Definition is_weak_crossed_coproduct (C A : Ob) (epsC deltaC chi tau ups : M) : Prop :=
  hom chi (C ⊙ A) (A ⊙ C) /\ hom tau (C ⊙ A) (A ⊙ A) /\ hom ups (C ⊙ A) K /\
  (chi ⊗ id C) ∘ (id C ⊗ chi) ∘ (deltaC ⊗ id A) = (id A ⊗ deltaC) ∘ chi /\
  Gamma C A epsC deltaC chi ∘ Gamma C A epsC deltaC chi = Gamma C A epsC deltaC chi /\
  tau ∘ Gamma C A epsC deltaC chi = tau /\
  (tau ⊗ id C) ∘ (id C ⊗ chi) ∘ (deltaC ⊗ id A) =
    (id A ⊗ chi) ∘ (chi ⊗ id A) ∘ (id C ⊗ tau) ∘ (deltaC ⊗ id A) /\
  (tau ⊗ id A) ∘ (id C ⊗ tau) ∘ (deltaC ⊗ id A) =
    (id A ⊗ tau) ∘ (chi ⊗ id A) ∘ (id C ⊗ tau) ∘ (deltaC ⊗ id A) /\
  (id A ⊗ ups) ∘ (chi ⊗ id A) ∘ (id C ⊗ tau) ∘ (deltaC ⊗ id A) =
    (epsC ⊗ id A) ∘ Gamma C A epsC deltaC chi /\
  (ups ⊗ id A) ∘ (id C ⊗ tau) ∘ (deltaC ⊗ id A) =
    (epsC ⊗ id A) ∘ Gamma C A epsC deltaC chi /\
  (ups ⊗ id C) ∘ (id C ⊗ chi) ∘ (deltaC ⊗ id A) = gamma_ups C A deltaC ups.

(* D is a weak crossed biproduct of the coalgebra C with the algebra A.
   C x A is realised through a splitting (X, i, p) of nabla = Gamma
   (any two splittings are canonically isomorphic). *)
Definition is_weak_crossed_biproduct
  (D : Ob) (etaD muD epsD deltaD : M)
  (C : Ob) (epsC deltaC : M) (A : Ob) (etaA muA : M)
  (psi sigma chi tau nu ups : M) : Prop :=
  is_weak_bialgebra D etaD muD epsD deltaD /\
  is_coalgebra C epsC deltaC /\ is_algebra A etaA muA /\
  is_weak_crossed_product C A etaA muA psi sigma nu /\
  is_weak_crossed_coproduct C A epsC deltaC chi tau ups /\
  nabla C A etaA muA psi = Gamma C A epsC deltaC chi /\
  (exists (X : Ob) (i p w w' : M),
      hom i X (C ⊙ A) /\ hom p (C ⊙ A) X /\
      p ∘ i = id X /\ i ∘ p = nabla C A etaA muA psi /\
      hom w X D /\ hom w' D X /\ w' ∘ w = id X /\ w ∘ w' = id D /\
      is_alg_morphism X (p ∘ nu) (p ∘ mu_CA C A muA psi sigma ∘ (i ⊗ i))
                      D etaD muD w /\
      is_coalg_morphism X (ups ∘ i) ((p ⊗ p) ∘ delta_CA C A deltaC chi tau ∘ i)
                        D epsD deltaD w) /\
  (epsC ⊗ id A) ∘ nu = etaA /\
  ups ∘ (id C ⊗ etaA) = epsC.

^^^^

AIM OF THE EXERCISE:
Output the records in full. Keep every character as it is.

ANSWER BELOW:
Definition is_weak_crossed_coproduct (C A : Ob) (epsC deltaC chi tau ups : M) : Prop :=
  hom chi (C ⊙ A) (A ⊙ C) /\ hom tau (C ⊙ A) (A ⊙ A) /\ hom ups (C ⊙ A) K /\
  (chi ⊗ id C) ∘ (id C ⊗ chi) ∘ (deltaC ⊗ id A) = (id A ⊗ deltaC) ∘ chi /\
  Gamma C A epsC deltaC chi ∘ Gamma C A epsC deltaC chi = Gamma C A epsC deltaC chi /\
  tau ∘ Gamma C A epsC deltaC chi = tau /\
  (tau ⊗ id C) ∘ (id C ⊗ chi) ∘ (deltaC ⊗ id A) =
    (id A ⊗ chi) ∘ (chi ⊗ id A) ∘ (id C ⊗ tau) ∘ (deltaC ⊗ id A) /\
  (tau ⊗ id A) ∘ (id C ⊗ tau) ∘ (deltaC ⊗ id A) =
    (id A ⊗ tau) ∘ (chi ⊗ id A) ∘ (id C ⊗ tau) ∘ (deltaC ⊗ id A) /\
  (id A ⊗ ups) ∘ (chi ⊗ id A) ∘ (id C ⊗ tau) ∘ (deltaC ⊗ id A) =
    (epsC ⊗ id A) ∘ Gamma C A epsC deltaC chi /\
  (ups ⊗ id A) ∘ (id C ⊗ tau) ∘ (deltaC ⊗ id A) =
    (epsC ⊗ id A) ∘ Gamma C A epsC deltaC chi /\
  (ups ⊗ id C) ∘ (id C ⊗ chi) ∘ (deltaC ⊗ id A) = gamma_ups C A deltaC ups.

(* D is a weak crossed biproduct of the coalgebra C with the algebra A.
   C x A is realised through a splitting (X, i, p) of nabla = Gamma
   (any two splittings are canonically isomorphic). *)
Definition is_weak_crossed_biproduct
  (D : Ob) (etaD muD epsD deltaD : M)
  (C : Ob) (epsC deltaC : M) (A : Ob) (etaA muA : M)
  (psi sigma chi tau nu ups : M) : Prop :=
  is_weak_bialgebra D etaD muD epsD deltaD /\
  is_coalgebra C epsC deltaC /\ is_algebra A etaA muA /\
  is_weak_crossed_product C A etaA muA psi sigma nu /\
  is_weak_crossed_coproduct C A epsC deltaC chi tau ups /\
  nabla C A etaA muA psi = Gamma C A epsC deltaC chi /\
  (exists (X : Ob) (i p w w' : M),
      hom i X (C ⊙ A) /\ hom p (C ⊙ A) X /\
      p ∘ i = id X /\ i ∘ p = nabla C A etaA muA psi /\
      hom w X D /\ hom w' D X /\ w' ∘ w = id X /\ w ∘ w' = id D /\
      is_alg_morphism X (p ∘ nu) (p ∘ mu_CA C A muA psi sigma ∘ (i ⊗ i))
                      D etaD muD w /\
      is_coalg_morphism X (ups ∘ i) ((p ⊗ p) ∘ delta_CA C A deltaC chi tau ∘ i)
                        D epsD deltaD w) /\
  (epsC ⊗ id A) ∘ nu = etaA /\
  ups ∘ (id C ⊗ etaA) = epsC.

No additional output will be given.